A una semana de la segunda vuelta presidencial en Perú, el candidato de Juntos por el Perú, Roberto Sánchez, realizó una modificación de último momento a su programa de gobierno,.

En la campaña previa, Sánchez había defendido propuestas de corte más radical, como la convocatoria de una Asamblea Constituyente, la revisión de tratados internacionales y un replanteamiento del modelo económico. Sin embargo, su nuevo documento programático introduce un giro hacia posiciones más moderadas, en las que reafirma el respeto a la estabilidad macroeconómica, la propiedad privada y los acuerdos de libre comercio, además de mantener la autonomía del Banco Central.

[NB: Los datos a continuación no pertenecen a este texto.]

Lemma forced_tau_valid : stratF_g forced_tau.
Proof.
  intros q s _ Hend Hown Hmove. destruct s as [y | r']; [exact (False_ind _ Hown)|].
  unfold forced_tau. destruct excluded_middle_informative as [H|_].
  - destruct (constructive_indefinite_description _ H) as [[i z] [Hi Eq]]. simpl in *.
    destruct (P_round Hi) as (r & z' & _ & _ & Hz' & E).
    rewrite E in Eq. change [SR r; SF _ z'] with ([SR r] ++ [SF _ z']) in Eq.
    rewrite app_assoc in Eq. apply app_inj_tail in Eq as [Eq Ez]. injection Ez as <-.
    rewrite <- Eq in Hend. apply (ends_in_last_eq _ _ (SF _ x)) in Hend.
    rewrite last_last in Hend. injection Hend as <-. exact Hz'.
  - rewrite (ends_in_last_eq _ _ (SF _ x) Hend). apply some_successor_edge. exact Hmove.
Qed.

Lemma forced_tau_answer {i r z} :
  active i -> P (S i) = P i ++ [SR r; SF _ z] -> forced_tau (P i ++ [SR r]) = SF _ z.
Proof.
  intros Hi E. unfold forced_tau. destruct excluded_middle_informative as [H|H].
  - destruct (constructive_indefinite_description _ H) as [[i' z'] [Hi' E']]. simpl in *.
    assert (i' = i).
    { pose proof (P_length (i := S i') (fun j Hj => active_le (j := j) Hi' ltac:(lia))) as L'.
      pose proof (P_length (i := i) (fun j Hj => active_le (j := j) Hi ltac:(lia))) as L.
      rewrite E', length_app in L'. simpl in L'. rewrite length_app in L'. simpl in L'. lia. }
    subst i'. rewrite E, <- app_assoc in E'. apply app_inv_head in E'.
    injection E' as ->. reflexivity.
  - exfalso. apply H. exists (i, z). simpl. rewrite E, <- app_assoc. auto.
Qed.

Local Notation pre := (pre x sigma forced_tau).
Local Notation stuck := (stuck x sigma forced_tau).

Lemma forced_round {i} :
  active i -> pre (2 * i) = P i ->
  ~ stuck (2 * i) /\ ~ stuck (S (2 * i)) /\ pre (S (S (2 * i))) = P (S i).
Proof.
  intros Hi E. destruct (P_round Hi) as (r & z & Hr & He & Hz & EP).
  assert (N1 : ~ stuck (2 * i)) by (unfold Defs.stuck; rewrite E; intros C; apply C; eauto).
  assert (E1 : pre (S (2 * i)) = P i ++ [SR r]).
  { rewrite pre_not_stuck by exact N1. unfold Defs.next. rewrite E, (last_before_rule He), Hr.
    reflexivity. }
  assert (N2 : ~ stuck (S (2 * i))).
  { unfold Defs.stuck. rewrite E1, last_last. intros C. apply C, rule_state_has_edge. }
  split; [exact N1 | split; [exact N2|]].
  rewrite pre_not_stuck by exact N2. unfold Defs.next. rewrite E1, last_last.
  rewrite (forced_tau_answer Hi EP), EP, <- app_assoc. reflexivity.
Qed.

Lemma forced_prefix i : (forall j, j < i -> active j) -> pre (2 * i) = P i.
Proof.
  induction i as [|i IH]; intros Hact; [simpl; rewrite P_start; reflexivity|].
  replace (2 * S i) with (S (S (2 * i))) by lia.
  apply forced_round; [apply Hact; lia | apply IH; intros; apply Hact; lia].
Qed.

Lemma forced_not_stuck {i} : active i -> ~ stuck (2 * i) /\ ~ stuck (S (2 * i)).
Proof.
  intros Hi. destruct (forced_round Hi) as (N1 & N2 & _); [|auto].
  apply forced_prefix. intros j Hj. apply (active_le Hi). lia.
Qed.

Lemma forced_stuck_late {N i} : stuck N -> active i -> S (2 * i) < N.
Proof.
  intros HN Hi. destruct (forced_not_stuck Hi) as [N1 N2].
  destruct (Compare_dec.le_lt_dec N (2 * i)) as [Hle | Hlt].
  - exfalso. apply N1. exact (proj2 (stuck_forever HN Hle)).
  - destruct (PeanoNat.Nat.eq_dec N (S (2 * i))) as [-> | Hne]; [contradiction | lia].
Qed.
End ForcedPlay.

Lemma forced_play_finite (P : nat -> list st) (K : nat) :
  P 0 = [SF _ x] -> (forall i, i < K -> round (P i) (P (S i))) ->
  ~ (exists s', edge (last (P K) (SF _ x)) s') ->
  exists tau, stratF_g tau /\ play_branch x sigma tau = BFin (facts (P K)).
Proof.
  intros P0 HP Hend. set (active := fun i => i < K).
  assert (Hdown : forall i, active (S i) -> active i) by (unfold active; intros; lia).
  exists (forced_tau P active). split; [exact (forced_tau_valid P active HP)|].
  assert (EK : pre x sigma (forced_tau P active) (2 * K) = P K)
    by (apply (forced_prefix P active Hdown P0 HP); unfold active; auto).
  assert (SK : stuck x sigma (forced_tau P active) (2 * K))
    by (unfold Defs.stuck; rewrite EK; exact Hend).
  unfold play_branch. destruct excluded_middle_informative as [Hfin | Hinf]; [|exfalso; eauto].
  destruct (constructive_indefinite_description _ Hfin) as [N HN]. simpl.
  assert (HKN : 2 * K <= N).
  { destruct K as [|K]; [lia|].
    pose proof (forced_stuck_late P active Hdown P0 HP (i := K) HN ltac:(unfold active; lia)).
    lia. }
  rewrite (proj1 (stuck_forever SK HKN)), EK. reflexivity.
Qed.

Lemma forced_play_infinite (P : nat -> list st) :
  P 0 = [SF _ x] -> (forall i, round (P i) (P (S i))) ->
  exists tau, stratF_g tau /\
    play_branch x sigma tau = BInf (fun i => state_fact (last (P i) (SF _ x))).
Proof.
  intros P0 HP. set (active := fun _ : nat => True).
  assert (Hdown : forall i, active (S i) -> active i) by (unfold active; auto).
  assert (HP' : forall i, active i -> round (P i) (P (S i))) by auto.
  exists (forced_tau P active). split; [exact (forced_tau_valid P active HP')|].
  unfold play_branch. destruct excluded_middle_informative as [[N HN] | _].
  - exfalso. pose proof (forced_stuck_late P active Hdown P0 HP' (i := N) HN I). lia.
  - f_equal. apply functional_extensionality. intros i.
    rewrite (forced_prefix P active Hdown P0 HP'); [reflexivity | unfold active; auto].
Qed.

Lemma strategy_tree_infinite_branch (p : nat -> list st) :
  p 0 = [SF _ x] -> (forall i, tree_edge (p i) (p (S i))) ->
  exists tau, stratF_g tau /\ play_branch x sigma tau = BInf (fun i => tree_lab (p i)).
Proof.
  intros Hp0 Hp.
  destruct (forced_play_infinite p Hp0 (fun i => proj2 (Hp i))) as (tau & Htau & Hplay).
  exists tau. split; [exact Htau|]. rewrite Hplay. f_equal.
  apply functional_extensionality. intros i.
  destruct (Hp i) as (Hpath & r & z & _ & He & _).
  rewrite (tree_lab_fact Hpath (last_before_rule He)), (last_before_rule He). reflexivity.
Qed.

(* A finite maximal path of the strategy tree from the root ends at a path
   whose last fact is undefined, hence is a finite play of sigma. *)
Lemma strategy_tree_finite_branch (l : list (Node strategy_tree)) :
  echain JS strategy_tree [SF _ x] l -> (forall m, ~ tree_edge (last l [SF _ x]) m) ->
  exists tau, stratF_g tau /\ play_branch x sigma tau = BFin (map tree_lab ([SF _ x] :: l)).
Proof.
  intros Hl Hmax. set (P := fun i => nth i ([SF _ x] :: l) [SF _ x]).
  assert (HP : forall i, i < length l -> round (P i) (P (S i))).
  { intros i Hi. exact (proj2 (echain_nth l _ _ _ Hl Hi)). }
  assert (Hlast : P (length l) = last l [SF _ x]) by apply nth_length_cons.
  assert (Hroot : at_fact [SF _ x]) by (split; [exact I | exists x; reflexivity]).
  assert (Hend : at_fact (P (length l))).
  { destruct l as [|q l]; [exact Hroot|].
    exact (tree_edge_at_fact (echain_nth (q :: l) _ [SF _ x] (length l) Hl
      (PeanoNat.Nat.lt_succ_diag_r _))). }
  destruct (forced_play_finite P (length l) eq_refl HP) as (tau & Htau & Hplay).
  { destruct Hend as (Hpath & y & Hy). rewrite Hy. intros Hmove.
    apply fact_state_has_edge_iff in Hmove.
    destruct (strategy_tree_locally_complete (P (length l))) as [m Hm].
    { change (Fd JS (tree_lab (P (length l)))). rewrite (tree_lab_fact Hpath Hy). exact Hmove. }
    apply (Hmax m). rewrite <- Hlast. exact Hm. }
  exists tau. split; [exact Htau|]. rewrite Hplay, Hlast, (tree_chain_facts Hl Hroot).
  simpl. rewrite strategy_tree_root. reflexivity.
Qed.

Lemma strategy_tree_branch_is_play b :
  BJ JS strategy_tree [SF _ x] b -> exists tau, stratF_g tau /\ play_branch x sigma tau = b.
Proof.
  intros [(p & Hp0 & Hp & ->) | (l & Hl & Hmax & ->)].
  - exact (strategy_tree_infinite_branch p Hp0 Hp).
  - exact (strategy_tree_finite_branch l Hl Hmax).
Qed.
End StrategyTree.

(* From a positional strategy for T to a graph-like justification: the nodes
   are the facts themselves, with edges from a defined fact y to the body of
   the rule sigma proposes at y.  Its maximal paths are images of maximal
   paths of the strategy tree, hence plays. *)
Section PositionalStrategyGraph.
Context {JS : jsystem}.
Local Notation F := (Fact JS).
Local Notation st := (state JS).
Variables (x : F) (sigma : strategy JS).
Hypothesis Hsig : stratT_p sigma.

Definition fact_edge (y z : F) : Prop :=
  Fd JS y /\ exists r, sigma [SF _ y] = SR r /\ snd (proj1_sig r) z.

Definition strategy_graph : justif F := Justif fact_edge (fun y => y).

Lemma positional_move {p d y} :
  is_path p -> last p d = SF _ y -> Fd JS y -> sigma p = sigma [SF _ y].
Proof.
  intros Hp Hlast Hy. apply (proj2 Hsig) with (SF _ y); try exact I.
  - exact Hp.
  - rewrite <- Hlast. apply ends_in_last. destruct p; [contradiction | discriminate].
  - exists []. reflexivity.
  - apply fact_state_has_edge_iff. exact Hy.
Qed.

Lemma positional_rule {y} : Fd JS y -> exists r, sigma [SF _ y] = SR r /\ fst (proj1_sig r) = y.
Proof. intros Hy. exact (T_move (p := [SF _ y]) (d := SF _ y) (proj1 Hsig) I eq_refl Hy). Qed.

Lemma strategy_graph_justification : is_justification JS strategy_graph.
Proof.
  intros y [z [Hy _]]. simpl in *. split; [exact Hy|].
  destruct (positional_rule Hy) as (r & Hr & Hhead).
  replace (fun w => exists m, fact_edge y m /\ m = w) with (snd (proj1_sig r)).
  { rewrite <- Hhead. exact (proj2_sig r). }
  apply functional_extensionality. intros w. apply propositional_extensionality. split.
  - intros Hw. exists w. split; [split; [exact Hy | exists r; auto] | reflexivity].
  - intros (m & (_ & r' & Hr' & Hm) & <-). rewrite Hr in Hr'. injection Hr' as <-. exact Hm.
Qed.

Lemma strategy_graph_locally_complete : locally_complete JS strategy_graph.
Proof.
  intros y Hy. simpl in *. destruct (positional_rule Hy) as (r & Hr & _).
  destruct (R_body_ne JS _ _ (proj2_sig r)) as [z Hz].
  exists z. split; [exact Hy | exists r; auto].
Qed.

Lemma strategy_graph_graph_like : graph_like JS strategy_graph.
Proof. intros y z E. exact E. Qed.

(* Labelling nodes of the strategy tree by their last fact maps it onto the
   strategy graph, and edges of the graph lift to the tree. *)
Lemma strategy_graph_branch_is_play b :
  BJ JS strategy_graph x b -> exists tau, stratF_g tau /\ play_branch x sigma tau = b.
Proof.
  intros Hb. apply (strategy_tree_branch_is_play x sigma (proj1 Hsig)).
  rewrite <- (strategy_tree_root x) in Hb.
  revert Hb. apply (branch_lift strategy_graph (strategy_tree x sigma) (tree_lab x)).
  - reflexivity.
  - intros p q Hpq.
    destruct (tree_edge_target x sigma Hpq) as (_ & r & z & Hlast & Hr & Hz & _ & Hlabq).
    destruct Hpq as [Hp _]. simpl.
    assert (Hy := R_head JS _ _ (proj2_sig r)).
    rewrite (tree_lab_fact x Hp Hlast), Hlabq.
    split; [exact Hy | exists r]. rewrite <- (positional_move Hp Hlast Hy). auto.
  - intros p z [Hy (r & Hr & Hz)]. simpl in *. unfold tree_lab in *.
    destruct excluded_middle_informative as [(Hp & y & Hlast) | _];
      [|exfalso; exact (Fd_lit JS Uu Hy)].
    rewrite Hlast in Hy, Hr. simpl in Hy, Hr.
    rewrite <- (positional_move Hp Hlast Hy) in Hr.
    destruct (T_move (proj1 Hsig) Hp Hlast Hy) as (r' & Hr' & Hhead).
    rewrite Hr in Hr'. injection Hr' as <-.
    assert (He : edge (last p (SF _ x)) (SR r)) by (rewrite Hlast; exact Hhead).
    exists (p ++ [SR r; SF _ z]). split.
    + split; [exact Hp | exists r, z; auto].
    + apply (tree_lab_fact x); apply (round_extension x); auto.
Qed.
End PositionalStrategyGraph.

Section Values.
Context {JS : jsystem}.
Variables (I : Fact JS -> TV) (x : Fact JS) (sigma : strategy JS).
Variables (J : justif (Fact JS)) (n : Node J).

Definition strategy_value : TV :=
  infL (fun w => exists tau, stratF_g tau /\ w = u I x sigma tau).

Lemma val_le_strategy_value :
  (forall tau, stratF_g tau -> BJ JS J n (play_branch x sigma tau)) ->
  leT (val JS J n I) strategy_value.
Proof.
  intros Hplays. apply infL_dominated. intros w (tau & Htau & ->).
  exists (u I x sigma tau). split; [exists (play_branch x sigma tau); auto | apply leT_refl].
Qed.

El plan actualizado, presentado como una hoja de ruta de consenso para el periodo 2026-2031, busca incorporar aportes de distintas fuerzas políticas y proyecta una imagen de mayor moderación frente a su propuesta inicial. El cambio ha generado debate en la escena política peruana, donde algunos lo interpretan como una estrategia pragmática en un contexto electoral muy ajustado, mientras otros lo ven como una rectificación significativa de su discurso de campaña.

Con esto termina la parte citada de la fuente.